OneHotCategoricalEncoder

The OneHotCategoricalEncoder() replaces original categorical variable, by a set of binary variables, one per unique category. The encoder has the option to create k or k-1 binary variables, where k is the number of unique categories. The encoder can also create binary variables by the n most popular categories, n being determined by the user.

The OneHotCategoricalEncoder() works only with categorical variables. A list of variables can be indiacated, or the imputer will automatically select all categorical variables in the train set.

import numpy as np
import pandas as pd
import matplotlib.pyplot as plt
from sklearn.model_selection import train_test_split

from feature_engine import categorical_encoders as ce

# Load dataset
def load_titanic():
        data = pd.read_csv('https://www.openml.org/data/get_csv/16826755/phpMYEkMl')
        data = data.replace('?', np.nan)
        data['cabin'] = data['cabin'].astype(str).str[0]
        data['pclass'] = data['pclass'].astype('O')
        data['embarked'].fillna('C', inplace=True)
        return data

data = load_titanic()

# Separate into train and test sets
X_train, X_test, y_train, y_test = train_test_split(
                        data.drop(['survived', 'name', 'ticket'], axis=1),
                        data['survived'], test_size=0.3, random_state=0)

# set up the encoder
encoder = ce.OneHotCategoricalEncoder(
    top_categories=2,
    variables=['pclass', 'cabin', 'embarked'],
    drop_last=False)

# fit the encoder
encoder.fit(X_train)

# transform the data
train_t= encoder.transform(X_train)
test_t= encoder.transform(X_test)

encoder.encoder_dict_
{'pclass': [3, 1], 'cabin': ['n', 'C'], 'embarked': ['S', 'C']}

API Reference

class feature_engine.categorical_encoders.OneHotCategoricalEncoder(top_categories=None, variables=None, drop_last=False)[source]

One hot encoding consists in replacing the categorical variable by a combination of boolean variables which take value 0 or 1, to indicate if a certain category is present for an observation.

Each one of the boolean variables are also known as dummy variables or binary variables. For example, from the categorical variable “Gender” with categories ‘female’ and ‘male’, we can generate the boolean variable “female”, which takes 1 if the person is female or 0 otherwise.
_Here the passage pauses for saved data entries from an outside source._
Lemma zf_closure_imset A : f @: zf_closure e A \subset zf_closure e' (f @: A).
Proof.
rewrite sub_imset_pre; apply: zf_closure_min => [|u v [uF euv uN]].
  by rewrite -sub_imset_pre zf_closure_sub.
rewrite inE in uF; rewrite inE; apply: (zf_closure_forces (u := f u)).
split=> [//|//|w']; first by rewrite f_iso.
by rewrite -[w']gK f_iso => /uN[]; [rewrite inE; left | move=> ->; right].
Qed.

Lemma power_dominating_imset S : power_dominating e S -> power_dominating e' (f @: S).
Proof.
rewrite /power_dominating -!subTset => /subsetP pdS; apply/subsetP => y _.
have /(subsetP (zf_closure_imset _)) := imset_f f (pdS (g y) (in_setT _)).
by rewrite gK; apply/subsetP/zf_closure_mono/closed_nbhd_imset.
Qed.

Lemma power_domination_number_iso :
  power_domination_number e' <= power_domination_number e.
Proof.
have [S pdS ->] := power_domination_number_attained e.
rewrite -(card_imset _ (can_inj fK)).
exact/power_domination_number_le/power_dominating_imset.
Qed.

End Isomorphism.

Section CartesianProduct.
Variables (T T' : finType) (e : rel T) (e' : rel T').
Local Notation G := (box_rel e e').
Implicit Type S : {set T * T'}.

Lemma power_dominating_fst S : T' -> power_dominating G S -> power_dominating e (fst @: S).
Proof.
move=> y0 /eqP pdS; pose C := zf_closure e (closed_nbhd e (fst @: S)).
suff sub : zf_closure G (closed_nbhd G S) \subset fst @^-1: C.
  rewrite /power_dominating -subTset; apply/subsetP => x _.
  by have := subsetP sub (x, y0); rewrite pdS in_setT inE; apply.
apply: zf_closure_min => [|u v [uF /orP[/andP[/eqP u1v _]|/andP[/eqP u2v euv]] uN]].
- apply/subsetP => p /closed_nbhdP[pS|[q qS /orP[/andP[/eqP qp _]|/andP[_ eqp]]]];
    rewrite inE; apply: (subsetP (zf_closure_sub _ _)); apply/closed_nbhdP.
  + by left; apply: imset_f.
  + by left; rewrite -qp; apply: imset_f.
  + by right; exists q.1; rewrite ?imset_f.
- by move: uF; rewrite !inE u1v.
rewrite inE in uF; rewrite inE; apply: (zf_closure_forces (u := u.1)); split=> // w euw.
have /uN : G u (w, u.2) by rewrite /box_rel /= eqxx euw orbT.
by case=> [|<-]; [rewrite inE; left | right].
Qed.

(* Domination observes every fibre [T * {z}] with [z \in Z]; then each zero forcing
   step of [e'] forces a whole fibre at once. *)
Lemma power_dominating_setX (D : {set T}) (Z : {set T'}) :
  dominating e D -> zero_forcing_set e' Z -> power_dominating G (setX D Z).
Proof.
move=> /eqP domD /eqP zfZ; pose C := zf_closure G (closed_nbhd G (setX D Z)).
suff sub : zf_closure e' Z \subset [set y | [forall x, (x, y) \in C]].
  rewrite /power_dominating -subTset; apply/subsetP => -[x y] _.
  by have := subsetP sub y; rewrite zfZ in_setT inE => /(_ isT)/forallP; apply.
apply: zf_closure_min => [|u v [uF euv uN]].
  apply/subsetP => y yZ; rewrite inE; apply/forallP => x.
  apply: (subsetP (zf_closure_sub _ _)); apply/closed_nbhdP.
  have /closed_nbhdP[xD|[d dD edx]] : x \in closed_nbhd e D by rewrite domD.
    by left; rewrite in_setX xD.
  by right; exists (d, y); rewrite ?in_setX ?dD // /box_rel /= eqxx edx orbT.
rewrite inE; apply/forallP => x; apply: (zf_closure_forces (u := (x, u))).
split=> [|//|[w1 w2]]; first by move: uF; rewrite inE => /forallP.
  by rewrite /box_rel /= eqxx euv.
rewrite /box_rel /= => /orP[/andP[/eqP<- /uN[]]|/andP[/eqP<- _]].
- by rewrite inE => /forallP; left.
- by move=> ->; right.
- by left; move: uF; rewrite inE => /forallP.
Qed.

Lemma power_domination_number_box_ge :
  T' -> power_domination_number e <= power_domination_number G.
Proof.
move=> y0; have [S pdS ->] := power_domination_number_attained G.
apply/(leq_trans _ (leq_imset_card _ _))/power_domination_number_le.
exact: power_dominating_fst y0 pdS.
Qed.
We can also generate the variable male, which takes 1 if the person is “male” and 0 otherwise.

The encoder has the option to generate one dummy variable per category present in a variable, or to create dummy variables only for the top n most popular categories, that is, the categories that are present in the majority of the observations.

If dummy variables are created for all the categories of a variable, you have the option to drop one category not to create information redundancy (encoding into k-1 variables, where k is the number if unique categories).

The Encoder will encode only categorical variables (type ‘object’). A list of variables can be passed as an argument. If no variables are passed as argument, the encoder will only encode categorical variables (object type) and ignore the rest.

The encoder first finds the categories to be encoded for each variable (fit). The encoder then creates one dummy variable per category for each variable (transform).

Parameters:
  • top_categories (int, default=None) – If None is selected, a dummy variable will be created for each category per variable.If set to True, the encoder will find the most frequent categories. top_categories indicates the number of most frequent categories to encode. Dummy variables will be created only for those popular categories and the rest will be dropped. Note that this is equivalent to grouping all the remaining categories in one group.
  • variables (list) – The list of categorical variables that will be encoded. If None, the encoder will find and select all object type variables.
  • drop_last (boolean, default=False) – Only used if top_categories = None. It indicates whether to create dummy variables for all the available categories, or if set to True, it will ignore the last variable of the list.
encoder_dict_

The dictionary containg the frequent categories (that will be kept) for each variable.

Type:dictionary
fit(self, X, y=None)[source]

Learns the unique categories per variable. If top_categories is indicated it will learn the most popular categories. Alternatively, it learns all unique categories per variable.

Parameters:
  • X (pandas dataframe of shape = [n_samples, n_features]) – The training input samples. Can be the entire dataframe, not just seleted variables.
  • y (Target) –
transform(self, X)[source]

Creates the dummy / boolean variables.

Parameters:X (pandas dataframe of shape = [n_samples, n_features]) – The input samples.
Returns:
  • X_transformed (pandas dataframe. The shape of the dataframe will)
  • be different from the original as it includes the dummy variables.